Когда я был жив, вам не могло помочь ни то, что я был брошен в холодный погреб, ни то, что мне ломали руки и ноги, чтобы я выдал товарищей, а ведь это обычный ход событий;* он так же естествен, как солнце и воздух, и поэтому тысячелетия наполнены криками, обличающими несправедливость. Вы даже не можете понять и того, что на этом пути к петле во мне бурлили силы, тот синтез движения моего существа, который обычно называют душой, ибо даже самый совершенный язык в мире he может выразить и тысячной доли тех вибраций, записываемых фонографом небытия, чтобы слиться с симфонией вечности.

Был намечен телеграфный столб и поперек него прибита доска, которая властно и повелительно простиралась над моей головой и не отличалась от вечности ни одной частицей своей материи. Столб этот торчал около церкви, и у ее дверей мне впервые пришлось пофилософствовать, что не стоило решительно ни гроша, ибо и Христос был вечным однообразием. (Как видите, этот рассказ мне подсказала фантазия, пропитавшая все мое существо, но и логика необходима, как необходимы солнечной системе ее пути сквозь гостеприимство вечных пространств.)
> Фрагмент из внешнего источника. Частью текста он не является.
(* Let $h$ be a ternary cubic form whose Hessian $H(h)$ is defined (not identically zero). If $f$ and $g$ are two cubic forms in the pencil $\langle h, H(h)\rangle$ spanned by $h$ and its Hessian, then $R(f,g,-)=0$, i.e. $R(f,g,c)=0$ for every cubic form $c$.
   Context: Let $R\in\bigwedge^3(\mathrm{Sym}^3\mathbb{C}^3)^*$ be the alternating trilinear form on the space $\mathrm{Sym}^3\mathbb{C}^3$ of ternary cubic forms determined by $R(l^3,m^3,n^3)=(\det(l,m,n))^3$ for linear forms $l,m,n$ in $x,y,z$, where $\det(l,m,n)$ is the determinant of the $3\times3$ matrix of their coefficients. The Hessian of a cubic $h$ is $H(h)=\det(\partial^2h/\partial x_i\partial x_j)$. *)

From HB Require Import structures.
From mathcomp Require Import all_boot all_order all_algebra.
From mathcomp Require Import complex.
From mathcomp Require Import Rstruct.
From mathcomp Require Import mpoly.
Set Implicit Arguments. Unset Strict Implicit. Unset Printing Implicit Defensive.
Import Order.TTheory GRing.Theory Num.Theory.
Local Open Scope ring_scope.

Definition CC : Type := complex Rdefinitions.R.

Notation poly3 := {mpoly CC[3]}.

(* Ternary cubic forms: homogeneous polynomials of degree 3 (including 0). *)
Definition is_cubic (p : poly3) : Prop := p \is 3.-homog.

Definition linform (v : 'I_3 -> CC) : poly3 := \sum_(i < 3) v i *: 'X_i.

Definition det3 (l m n : 'I_3 -> CC) : CC :=
  \det (\matrix_(i < 3, j < 3)
          (if i == 0 :> nat then l j else if i == 1 :> nat then m j else n j)).

Definition hessian (h : poly3) : poly3 :=
  \det (\matrix_(i < 3, j < 3) mderiv i (mderiv j h)).

From HB Require Import structures.
From mathcomp Require Import all_boot all_order all_algebra.
From mathcomp Require Import complex Rstruct mpoly.
From mathcomp Require Import ring zify.
Import Order.TTheory GRing.Theory Num.Theory.
Local Open Scope ring_scope.

(* For f = a h + b H(h) and g = a' h + b' H(h), trilinearity and alternation give
   R(f, g, c) = (a b' - a' b) R(h, H(h), c), so it suffices that R(h, H(h), -) = 0.
   Every cubic is a combination of the ten cubes l^3 with l among x, y, z, x +- y,
   x +- z, y +- z, x + y + z, so R(h, H(h), n^3) is determined by
   R(l^3, m^3, n^3) = det(l, m, n)^3 and the explicit Hessian of the general ternary
   cubic; it turns out to be identically zero as a polynomial in the coefficients of
   h and n. *)

Definition linear_on {K : nzRingType} {V : lmodType K} (S : {pred V}) (phi : V -> K) :=
  forall a f f', f \in S -> f' \in S -> phi (a *: f + f') = a * phi f + phi f'.

Section LinearOn.

Context {K : nzRingType} {V : lmodType K} {S : submodClosed V} {phi : V -> K}.
Hypothesis phiL : linear_on S phi.

Lemma linear_on0 : phi 0 = 0.
Proof.
have := phiL 1 0 0 (rpred0 S) (rpred0 S).
by rewrite scaler0 addr0 mul1r => E; apply: (addrI (phi 0)); rewrite addr0 -E.
Qed.

Lemma linear_onZ a f : f \in S -> phi (a *: f) = a * phi f.
Proof. by move=> Sf; rewrite -[a *: f]addr0 phiL ?rpred0 // linear_on0 addr0. Qed.

Lemma linear_onD f f' : f \in S -> f' \in S -> phi (f + f') = phi f + phi f'.
Proof. by move=> Sf Sf'; have := phiL 1 f f' Sf Sf'; rewrite scale1r mul1r. Qed.

Lemma linear_on_sum {I : Type} {r : seq I} {w : I -> K} {F : I -> V} :
  (forall i, F i \in S) -> phi (\sum_(i <- r) w i *: F i) = \sum_(i <- r) w i * phi (F i).
Proof.
move=> SF; elim: r => [|i r IHr]; first by rewrite !big_nil linear_on0.
by rewrite !big_cons phiL ?IHr // rpred_sum // => j _; rewrite rpredZ.
Qed.

End LinearOn.

Section AlternatingTrilinear.

Context {K : comNzRingType} {V : lmodType K} (S : submodClosed V) {R : V -> V -> V -> K}.
Hypothesis R_lin1 : forall a f f' g c, f \in S -> f' \in S -> g \in S -> c \in S ->
  R (a *: f + f') g c = a * R f g c + R f' g c.
Hypothesis R_lin2 : forall a f g g' c, f \in S -> g \in S -> g' \in S -> c \in S ->
  R f (a *: g + g') c = a * R f g c + R f g' c.
Hypothesis R_lin3 : forall a f g c c', f \in S -> g \in S -> c \in S -> c' \in S ->
  R f g (a *: c + c') = a * R f g c + R f g c'.
Hypothesis R_alt : forall f g c, f \in S -> g \in S -> c \in S ->
  (f = g \/ g = c \/ f = c) -> R f g c = 0.

Lemma R_linearl {g c} : g \in S -> c \in S -> linear_on S (fun f => R f g c).
Proof. by move=> Sg Sc a f f' Sf Sf'; apply: R_lin1. Qed.

Lemma R_linearm {f c} : f \in S -> c \in S -> linear_on S (fun g => R f g c).
Proof. by move=> Sf Sc a g g' Sg Sg'; apply: R_lin2. Qed.

Lemma R_linearr {f g} : f \in S -> g \in S -> linear_on S (R f g).
Proof. by move=> Sf Sg a c c' Sc Sc'; apply: R_lin3. Qed.

Lemma R_diag {f c} : f \in S -> c \in S -> R f f c = 0.
Proof. by move=> Sf Sc; apply: R_alt => //; left. Qed.

Lemma R_swap {f g c} : f \in S -> g \in S -> c \in S -> R g f c = - R f g c.
Proof.
move=> Sf Sg Sc; have Sfg := rpredD Sf Sg.
have := R_diag Sfg Sc; rewrite (linear_onD (R_linearl Sfg Sc)) //.
rewrite !(linear_onD (R_linearm _ Sc)) // !R_diag // add0r addr0.
by move/eqP; rewrite addr_eq0 => /eqP ->; rewrite opprK.
Qed.

Lemma R_pencil a b a' b' {u w c} : u \in S -> w \in S -> c \in S ->
  R (a *: u + b *: w) (a' *: u + b' *: w) c = (a * b' - a' * b) * R u w c.
Proof.
move=> Su Sw Sc; have Sv : a' *: u + b' *: w \in S by rewrite rpredD ?rpredZ.
rewrite (linear_onD (R_linearl Sv Sc)) ?rpredZ // !(linear_onZ (R_linearl Sv Sc)) //.
rewrite !(linear_onD (R_linearm _ Sc)) ?rpredZ // !(linear_onZ (R_linearm _ Sc)) //.
by rewrite (R_swap Su Sw Sc) !R_diag //; ring.
Qed.

End AlternatingTrilinear.

Lemma mpolyE_subset {n : nat} {K : nzRingType} (s : seq 'X_{1..n}) (p : {mpoly K[n]}) :
  uniq s -> {subset msupp p <= s} -> p = \sum_(m <- s) p@_m *: 'X_[m].
Proof.
move=> s_uniq supp_s; rewrite {1}[p]mpolyE.
rewrite (perm_big [seq m <- s | m \in msupp p]); last first.
  apply: uniq_perm; [exact: msupp_uniq | exact: filter_uniq |].
  by move=> m; rewrite mem_filter; case: (boolP (m \in msupp p)) => // /supp_s ->.
rewrite big_filter big_mkcond /=; apply: eq_bigr => m _.
by case: ifPn => // /memN_msupp_eq0 ->; rewrite scale0r.
Qed.

Lemma mderivXU {n : nat} {K : nzRingType} (i j : 'I_n) :
  mderiv i ('X_j : {mpoly K[n]}) = (j == i)%:R.
Proof.
rewrite mderivX mnm1E; case: eqP => [->|_]; last by rewrite scale0r.
have -> : (U_(i) - U_(i) = 0 :> 'X_{1..n})%MM by apply/mnmP => k; rewrite !mnmE subnn.
by rewrite mpolyX0 scale1r.
Qed.

Lemma mderiv1 {n : nat} {K : nzRingType} (i : 'I_n) : mderiv i (1 : {mpoly K[n]}) = 0.
Proof. by rewrite -mpolyC1 mderivC. Qed.

Lemma mderiv_exp {n : nat} {K : comNzRingType} (i : 'I_n) (p : {mpoly K[n]}) k :
  mderiv i (p ^+ k) = mderiv i p * p ^+ k.-1 *+ k.
Proof.
case: k => [|k /=]; first by rewrite expr0 mderiv1 mulr0n.
elim: k => [|k IHk]; first by rewrite expr0 expr1 mulr1 mulr1n.
by rewrite exprS mderivM IHk mulrnAr mulrCA -exprS -mulrS.
Qed.

Lemma det_mx33 (K : comNzRingType) (A : 'M[K]_3) : \det A =
    A 0 0 * A 1 1 * A 2 2 + A 0 1 * A 1 2 * A 2 0 + A 0 2 * A 1 0 * A 2 1
  - A 0 2 * A 1 1 * A 2 0 - A 0 0 * A 1 2 * A 2 1 - A 0 1 * A 1 0 * A 2 2.
Proof.
rewrite (expand_det_row _ 0) !big_ord_recl big_ord0 /cofactor.
rewrite !(expand_det_row _ 0) !big_ord_recl !big_ord0 /cofactor !det_mx11 !mxE /=.
pose a (i j : nat) := A (inord i) (inord j).
have aE (i j : 'I_3) : A i j = a i j by rewrite /a !inord_val.
by rewrite !aE /=; ring.
Qed.

Definition mnm3 (i j k : nat) : 'X_{1..3} := (U_(0%R) *+ i + U_(1%R) *+ j + U_(2%R) *+ k)%MM.
Arguments mnm3 i%_N j%_N k%_N.

Lemma mnm3_coord (m : 'X_{1..3}) : m = mnm3 (m 0) (m 1) (m 2).
Proof.
apply/mnmP => i; rewrite !mnmDE !mulmnE !mnm1E.
by case: i => -[|[|[|//]]] ? /=; rewrite !mul1n !mul0n ?addn0 ?add0n; f_equal; apply: val_inj.
Qed.

Lemma eq_mnm3 i j k i' j' k' :
  (mnm3 i j k == mnm3 i' j' k') = [&& i == i', j == j' & k == k'].
Proof.
apply/eqP/and3P => [E|[/eqP-> /eqP-> /eqP->]] //.
have coord l : mnm3 i j k l = mnm3 i' j' k' l by rewrite E.
move: (coord 0) (coord 1) (coord 2).
by rewrite !mnmDE !mulmnE !mnm1E /= !mul1n !mul0n !addn0 !add0n => -> -> ->.
Qed.

Lemma mdeg_mnm3 i j k : mdeg (mnm3 i j k) = (i + j + k)%N.
Proof. by rewrite !mdegD !mdegMn !mdeg1 !mul1n. Qed.

Lemma mpolyX_mnm3 i j k : 'X_[mnm3 i j k] = 'X_0 ^+ i * 'X_1 ^+ j * 'X_2 ^+ k :> poly3.
Proof. by rewrite !mpolyXD !mpolyXn. Qed.

Definition cubic_mnms : seq 'X_{1..3} :=
  [:: mnm3 3 0 0; mnm3 0 3 0; mnm3 0 0 3; mnm3 2 1 0; mnm3 2 0 1;
      mnm3 1 2 0; mnm3 0 2 1; mnm3 1 0 2; mnm3 0 1 2; mnm3 1 1 1].

Lemma cubic_mnms_uniq : uniq cubic_mnms.
Proof. by rewrite /= !inE !eq_mnm3. Qed.

Lemma mem_cubic_mnms m : mdeg m = 3%N -> m \in cubic_mnms.
Proof.
rewrite [m]mnm3_coord mdeg_mnm3.
move: (m 0) (m 1) (m 2) => [|[|[|[|i]]]] [|[|[|[|j]]]] [|[|[|[|k]]]] deg3;
  rewrite !inE !eq_mnm3 //; lia.
Qed.

Definition cubics : submodClosed poly3 :=
  GRing.SubmodClosed.clone _ _ (@ishomog1_pred 3 CC 3 mdeg) _.

Variant cubic_coef (K : Type) := CubicCoef of K & K & K & K & K & K & K & K & K & K.
Arguments CubicCoef {K}.

Definition cubic (a : cubic_coef CC) : poly3 :=
  let: CubicCoef a300 a030 a003 a210 a201 a120 a021 a102 a012 a111 := a in
  a300 *: 'X_0 ^+ 3 + a030 *: 'X_1 ^+ 3 + a003 *: 'X_2 ^+ 3
  + a210 *: ('X_0 ^+ 2 * 'X_1) + a201 *: ('X_0 ^+ 2 * 'X_2)
  + a120 *: ('X_0 * 'X_1 ^+ 2) + a021 *: ('X_1 ^+ 2 * 'X_2)
  + a102 *: ('X_0 * 'X_2 ^+ 2) + a012 *: ('X_1 * 'X_2 ^+ 2)
  + a111 *: ('X_0 * 'X_1 * 'X_2).

Definition coef_cubic (p : poly3) : cubic_coef CC :=
  CubicCoef p@_(mnm3 3 0 0) p@_(mnm3 0 3 0) p@_(mnm3 0 0 3) p@_(mnm3 2 1 0)
    p@_(mnm3 2 0 1) p@_(mnm3 1 2 0) p@_(mnm3 0 2 1) p@_(mnm3 1 0 2)
    p@_(mnm3 0 1 2) p@_(mnm3 1 1 1).

Lemma cubic_mnmE a300 a030 a003 a210 a201 a120 a021 a102 a012 a111 :
  cubic (CubicCoef a300 a030 a003 a210 a201 a120 a021 a102 a012 a111) =
  a300 *: 'X_[mnm3 3 0 0] + a030 *: 'X_[mnm3 0 3 0] + a003 *: 'X_[mnm3 0 0 3]
  + a210 *: 'X_[mnm3 2 1 0] + a201 *: 'X_[mnm3 2 0 1] + a120 *: 'X_[mnm3 1 2 0]
  + a021 *: 'X_[mnm3 0 2 1] + a102 *: 'X_[mnm3 1 0 2] + a012 *: 'X_[mnm3 0 1 2]
  + a111 *: 'X_[mnm3 1 1 1].
Proof. by rewrite !mpolyX_mnm3 !expr0 !expr1 !mulr1 !mul1r. Qed.

Lemma coef_cubicK {p} : is_cubic p -> cubic (coef_cubic p) = p.
Proof.
move=> p_cubic; rewrite [RHS](mpolyE_subset _ _ cubic_mnms_uniq); last first.
  by move=> m /(dhomog_mf p_cubic) /mem_cubic_mnms.
by rewrite !big_cons big_nil addr0 !addrA cubic_mnmE.
Qed.

Lemma cubic_is_cubic a : is_cubic (cubic a).
Proof.
case: a => *; rewrite cubic_mnmE /is_cubic.
by rewrite !rpredD ?rpredZ // dhomogX; apply/eqP; apply: mdeg_mnm3.
Qed.

(* [erewrite] matches syntactically; ssreflect's [rewrite] compares its instantiated
   pattern with the other derivatives up to conversion, which unfolds the polynomial
   operations and does not finish. *)
Ltac mderiv_simpl :=
  repeat (erewrite mderivD || erewrite mderivZ || erewrite mderivM
          || erewrite (@mderiv_exp 3 CC) || erewrite mderivMn || erewrite mderivXU
          || erewrite mderiv1 || erewrite expr0);
  rewrite /= -!mul_mpolyC.

Lemma mderiv_cubic a300 a030 a003 a210 a201 a120 a021 a102 a012 a111
    (h := cubic (CubicCoef a300 a030 a003 a210 a201 a120 a021 a102 a012 a111)) :
  [/\ mderiv 0 h = (3 * a300) *: 'X_0 ^+ 2 + (2 * a210) *: ('X_0 * 'X_1)
        + (2 * a201) *: ('X_0 * 'X_2) + a120 *: 'X_1 ^+ 2 + a111 *: ('X_1 * 'X_2)
        + a102 *: 'X_2 ^+ 2,
      mderiv 1 h = a210 *: 'X_0 ^+ 2 + (2 * a120) *: ('X_0 * 'X_1)
        + a111 *: ('X_0 * 'X_2) + (3 * a030) *: 'X_1 ^+ 2 + (2 * a021) *: ('X_1 * 'X_2)
        + a012 *: 'X_2 ^+ 2
    & mderiv 2 h = a201 *: 'X_0 ^+ 2 + a111 *: ('X_0 * 'X_1)
        + (2 * a102) *: ('X_0 * 'X_2) + a021 *: 'X_1 ^+ 2 + (2 * a012) *: ('X_1 * 'X_2)
        + (3 * a003) *: 'X_2 ^+ 2].
Proof. by split; rewrite /h /cubic; mderiv_simpl; ring. Qed.

Lemma mderiv2_cubic_diag a300 a030 a003 a210 a201 a120 a021 a102 a012 a111
    (h := cubic (CubicCoef a300 a030 a003 a210 a201 a120 a021 a102 a012 a111)) :
  [/\ mderiv 0 (mderiv 0 h) = (6 * a300) *: 'X_0 + (2 * a210) *: 'X_1 + (2 * a201) *: 'X_2,
      mderiv 1 (mderiv 1 h) = (2 * a120) *: 'X_0 + (6 * a030) *: 'X_1 + (2 * a021) *: 'X_2
    & mderiv 2 (mderiv 2 h) = (2 * a102) *: 'X_0 + (2 * a012) *: 'X_1 + (6 * a003) *: 'X_2].
Proof.
have [d0 d1 d2] := mderiv_cubic a300 a030 a003 a210 a201 a120 a021 a102 a012 a111.
by split; [rewrite d0 | rewrite d1 | rewrite d2]; mderiv_simpl; ring.
Qed.

Lemma mderiv2_cubic_mixed a300 a030 a003 a210 a201 a120 a021 a102 a012 a111
    (h := cubic (CubicCoef a300 a030 a003 a210 a201 a120 a021 a102 a012 a111)) :
  [/\ mderiv 0 (mderiv 1 h) = (2 * a210) *: 'X_0 + (2 * a120) *: 'X_1 + a111 *: 'X_2,
      mderiv 0 (mderiv 2 h) = (2 * a201) *: 'X_0 + a111 *: 'X_1 + (2 * a102) *: 'X_2
    & mderiv 1 (mderiv 2 h) = a111 *: 'X_0 + (2 * a021) *: 'X_1 + (2 * a012) *: 'X_2].
Proof.
have [d0 d1 d2] := mderiv_cubic a300 a030 a003 a210 a201 a120 a021 a102 a012 a111.
by split; [rewrite d1 | rewrite d2 | rewrite d2]; mderiv_simpl; ring.
Qed.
После того как в моей голове раздался оглушительный грохот, исходивший из кафедрального собора, словно весь земной шар разорвался на части и я вместе с ним превратился в пыль, подобную истлевшему бобу, — после этого я перешел на другую сторону бытия. И мне не оставалось ничего иного, как влиться весом своего тела в среду тех неисчислимых тысяч, которые собрались за рубежом эры бесконечности.

Насколько интересной была эта ночь, об этом вы будете еще судачить там, у себя, но меня она занимала меньше всего: интерес, радость, восторг и прочие чувства остались по другую сторону. В эту ночь мерцание звезд не затемнялось тучами, телефонные и телеграфные провода шевелились высоко над уличными фонарями и легкомысленный ветерок налетал порывами. Я висел в трех футах над булыжной мостовой, спиной к старому, напоминающему провал в пещеру дверному отверстию, через которое в течение многих столетий тянулись нити к виселичным петлям. Когда надо мной били часы, мне не приходилось раскрывать глаза, как это делал я раньше, ибо удары эти, как и все прочее, нельзя было совместить с моим теперешним существованием. Ряды телег, груженных таинственной поклажей, громыхая колесами, тянулись вдоль улиц, и собаки, привязанные цепями к телегам, осторожно шагали за ними, не отходя слишком далеко и не приближаясь слишком близко к колесам, а из черной подворотни вылез кот, промяукал в тишину, а может быть, потому, что увидел меня, или потому, что вспомнил о какой-то кошке, гревшейся у плиты.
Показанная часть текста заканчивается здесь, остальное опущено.